_Exercise_: In the listing that follows, count each line where the word "with" appears; write nothing but the count.

_Exercise data_:
┌────────

(* Every morphism $f\colon[n]\to[m]$ of $\mathcal{I}\Gamma(as)$ can be written uniquely as $f=a\circ h$ with $h\in H_{n+1}^{+}$ and $a\colon[n]\to[m]$ a morphism of the subcategory $\mathcal{R}\cong\Delta R^{op}$. That is, $\mathcal{I}\Gamma(as)=\Delta R^{op}\circ\mathbf{H}^{+}$.
   Context: Let $C_2=\{1,t\}$ and $[n]=\{0,\dots,n\}$. The category $\mathcal{IF}(as)$ has objects $[n]$; a morphism $f\colon[n]\to[m]$ is a map of sets with a total order on each fibre $f^{-1}(i)$ and a label in $C_2$ on each element of $[n]$ (written $j^\alpha$). For $S=\{j_1^{\alpha_1}<\cdots<j_r^{\alpha_r}\}$ put $1\ast S=S$, $t\ast S=\{j_r^{t\alpha_r}<\cdots<j_1^{t\alpha_1}\}$; the composite of $f\colon[n]\to[m]$, $g\colon[m]\to[p]$ has underlying map $g\circ f$ and fibres $(g\circ f)^{-1}(i)=\coprod_{j^\alpha\in g^{-1}(i)}\alpha\ast f^{-1}(j)$ (ordered disjoint union). $\mathcal{I}\Gamma(as)$ is the subcategory of morphisms with $f(0)=0$. $H_{n+1}$ is the automorphism group of $[n]$ in $\mathcal{IF}(as)$, and $H_{n+1}^{+}$ the subgroup of automorphisms fixing $0$ whose label on $0$ is $1$; $\mathbf{H}^+$ is the corresponding groupoid. Morphisms of $\mathcal{I}\Gamma(as)$ (all labels $1$ unless stated): for $n\geqslant1$ and $0\leqslant i\leqslant n-1$, $d_i\colon[n]\to[n-1]$ sends $j\mapsto j$ ($j\leqslant i$), $j\mapsto j-1$ ($j>i$), with fibre over $i$ equal to $\{i<i+1\}$; $d_n\colon[n]\to[n-1]$ sends $j\mapsto j$ ($j<n$), $n\mapsto0$, with fibre over $0$ equal to $\{n<0\}$; for $0\leqslant j\leqslant n$, $s_j\colon[n]\to[n+1]$ sends $k\mapsto k$ ($k\leqslant j$), $k\mapsto k+1$ ($k>j$), so the fibre over $j+1$ is empty; $\rho_n\colon[n]\to[n]$ sends $0\mapsto 0$ and $k\mapsto n+1-k$ for $1\leqslant k\leqslant n$, with all labels equal to $t$. $\mathcal{R}$ denotes the subcategory of $\mathcal{I}\Gamma(as)$ generated by all $d_i$, $s_j$, $\rho_n$; it is isomorphic to $\Delta R^{op}$, the opposite of the reflexive crossed simplicial group category. *)

From mathcomp Require Import all_boot.
Set Implicit Arguments. Unset Strict Implicit. Unset Printing Implicit Defensive.

(* A morphism [n] -> [m] of IF(as), where [n] = {0,...,n} is 'I_n.+1.
   fib i  : the fibre over i, listed in increasing order (the total order);
   lab k  : the label of k in C_2 = {1,t}, with false = 1 and true = t. *)
Record mor (n m : nat) := Mor {
  fib : {ffun 'I_m.+1 -> seq 'I_n.+1};
  lab : {ffun 'I_n.+1 -> bool} }.

Definition valid n m (f : mor n m) : bool :=
  perm_eq (flatten [seq fib f i | i <- enum 'I_m.+1]) (enum 'I_n.+1).

Definition fmap n m (f : mor n m) (k : 'I_n.+1) : 'I_m.+1 :=
  odflt ord0 [pick i | k \in fib f i].

Definition actseq n (a : bool) (s : seq 'I_n.+1) := if a then rev s else s.

Definition mcomp n m p (g : mor m p) (f : mor n m) : mor n p :=
  Mor [ffun i => flatten [seq actseq (lab g j) (fib f j) | j <- fib g i]]
      [ffun k => lab f k (+) lab g (fmap f k)].

Definition idm n : mor n n := Mor [ffun i => [:: i]] [ffun _ => false].

Definition inIGamma n m (f : mor n m) : Prop := valid f /\ ord0 \in fib f ord0.

Definition is_auto n (h : mor n n) : Prop :=
  valid h /\ exists h' : mor n n, valid h' /\ mcomp h h' = idm n /\ mcomp h' h = idm n.

Definition inHplus n (h : mor n n) : Prop :=
  is_auto h /\ ord0 \in fib h ord0 /\ lab h ord0 = false.

(* d_i : [n+1] -> [n], 0 <= i <= n+1 (for i = n+1 the special face). *)
Definition dmor n (i : nat) : mor n.+1 n :=
  Mor [ffun k : 'I_n.+1 => map inord
        (if i <= n then
           (if k < i then [:: val k] else if val k == i then [:: i; i.+1]
            else [:: (val k).+1])
         else (if val k == 0 then [:: n.+1; 0] else [:: val k]))]
      [ffun _ => false].

Definition smor n (j : nat) : mor n n.+1 :=
  Mor [ffun k : 'I_n.+2 => map inord
        (if k <= j then [:: val k] else if val k == j.+1 then [::]
         else [:: (val k).-1])]
      [ffun _ => false].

└────────

_Task output_: 3